(* Continuous q-Jacobi polynomial, Rahman's normalization, at x = cos theta
   (extended polynomially to all complex x). *)
Definition qJacobiP (q al be : R) (n : nat) (x : C) : C :=
  Cmult (RtoC (qpoch (qpow q (al + 1)) q n * qpoch (- qpow q (be + 1)) q n
               / (qpoch q q n * qpoch (- q) q n)))
        (csum (phi43_term q al be n x) n).

From Stdlib Require Import Reals Lra Lia.
From Coquelicot Require Import Coquelicot.
Open Scope R_scope.

(* Write phi_k(x) = prod_(j<k) (1 - 2 x q^(j+1/2) + q^(2j+1)) and P_m = sum_k c_k phi_k.  Since
     1 - 2 c q^(1/2) x + c^2 q = (1 - c q^-k)(1 - c q^(k+1)) + c q^-k (1 - 2 x q^(k+1/2) + q^(2k+1)),
   multiplying such an expansion by a quadratic factor only mixes phi_k and phi_(k+1).  For c = q^al
   and c = -q^be, comparing coefficients gives the contiguous relations
     (1 - 2 x q^(al+1/2) + q^(2al+1)) P_m^(al+1,be) = a P_m^(al,be) - b P_(m+1)^(al,be),
     (1 + 2 x q^(be+1/2) + q^(2be+1)) P_m^(al,be+1) = a' P_m^(al,be) + b' P_(m+1)^(al,be),
   whose coefficient identities become rational identities once every q-shifted factorial is expressed
   through those of one neighbouring coefficient.  Applying the be-relation at (al+1, be) and then the
   al-relation to both resulting terms yields the three-term formula, whose coefficients are products
   of contiguous coefficients. *)

Lemma qpow_plus q a b : qpow q (a + b) = qpow q a * qpow q b.
Proof. apply Rpower_plus. Qed.

Lemma qpow_opp q a : qpow q (- a) = / qpow q a.
Proof. apply Rpower_Ropp. Qed.

Lemma qpow_INR q n : 0 < q -> qpow q (INR n) = q ^ n.
Proof. apply Rpower_pow. Qed.

Lemma qpow_1 q : 0 < q -> qpow q 1 = q.
Proof. apply Rpower_1. Qed.

Lemma qpow_pos q a : 0 < qpow q a.
Proof. apply exp_pos. Qed.

Lemma qpow_lt_1 q a : 0 < q -> q < 1 -> 0 < a -> qpow q a < 1.
Proof.
  intros hq0 hq1 ha. unfold qpow, Rpower. rewrite <- exp_0. apply exp_increasing.
  assert (ln q < 0) by (rewrite <- ln_1; apply ln_increasing; lra). nra.
Qed.

Lemma qpow_double q a : qpow q (2 * a) = qpow q a * qpow q a.
Proof. replace (2 * a) with (a + a) by ring. apply qpow_plus. Qed.

Lemma qpow_2 q : 0 < q -> qpow q 2 = q * q.
Proof. intros hq. replace 2 with (2 * 1) by ring. rewrite qpow_double, qpow_1 by exact hq. ring. Qed.

Lemma qpow_mul_q_lt_1 q a : 0 < q -> q < 1 -> -1 < a -> qpow q a * q < 1.
Proof.
  intros hq0 hq1 ha. rewrite <- (qpow_1 q hq0) at 2. rewrite <- qpow_plus.
  apply qpow_lt_1; lra.
Qed.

- [Task]
Retype exactly the lines of the data above, starting at its first line and finishing with the line that has "(1 + 2 x q^(be+1/2)" in it.

- [Completed exercise]
(* Continuous q-Jacobi polynomial, Rahman's normalization, at x = cos theta
   (extended polynomially to all complex x). *)
Definition qJacobiP (q al be : R) (n : nat) (x : C) : C :=
  Cmult (RtoC (qpoch (qpow q (al + 1)) q n * qpoch (- qpow q (be + 1)) q n
               / (qpoch q q n * qpoch (- q) q n)))
        (csum (phi43_term q al be n x) n).

From Stdlib Require Import Reals Lra Lia.
From Coquelicot Require Import Coquelicot.
Open Scope R_scope.

(* Write phi_k(x) = prod_(j<k) (1 - 2 x q^(j+1/2) + q^(2j+1)) and P_m = sum_k c_k phi_k.  Since
     1 - 2 c q^(1/2) x + c^2 q = (1 - c q^-k)(1 - c q^(k+1)) + c q^-k (1 - 2 x q^(k+1/2) + q^(2k+1)),
   multiplying such an expansion by a quadratic factor only mixes phi_k and phi_(k+1).  For c = q^al
   and c = -q^be, comparing coefficients gives the contiguous relations
     (1 - 2 x q^(al+1/2) + q^(2al+1)) P_m^(al+1,be) = a P_m^(al,be) - b P_(m+1)^(al,be),
     (1 + 2 x q^(be+1/2) + q^(2be+1)) P_m^(al,be+1) = a' P_m^(al,be) + b' P_(m+1)^(al,be),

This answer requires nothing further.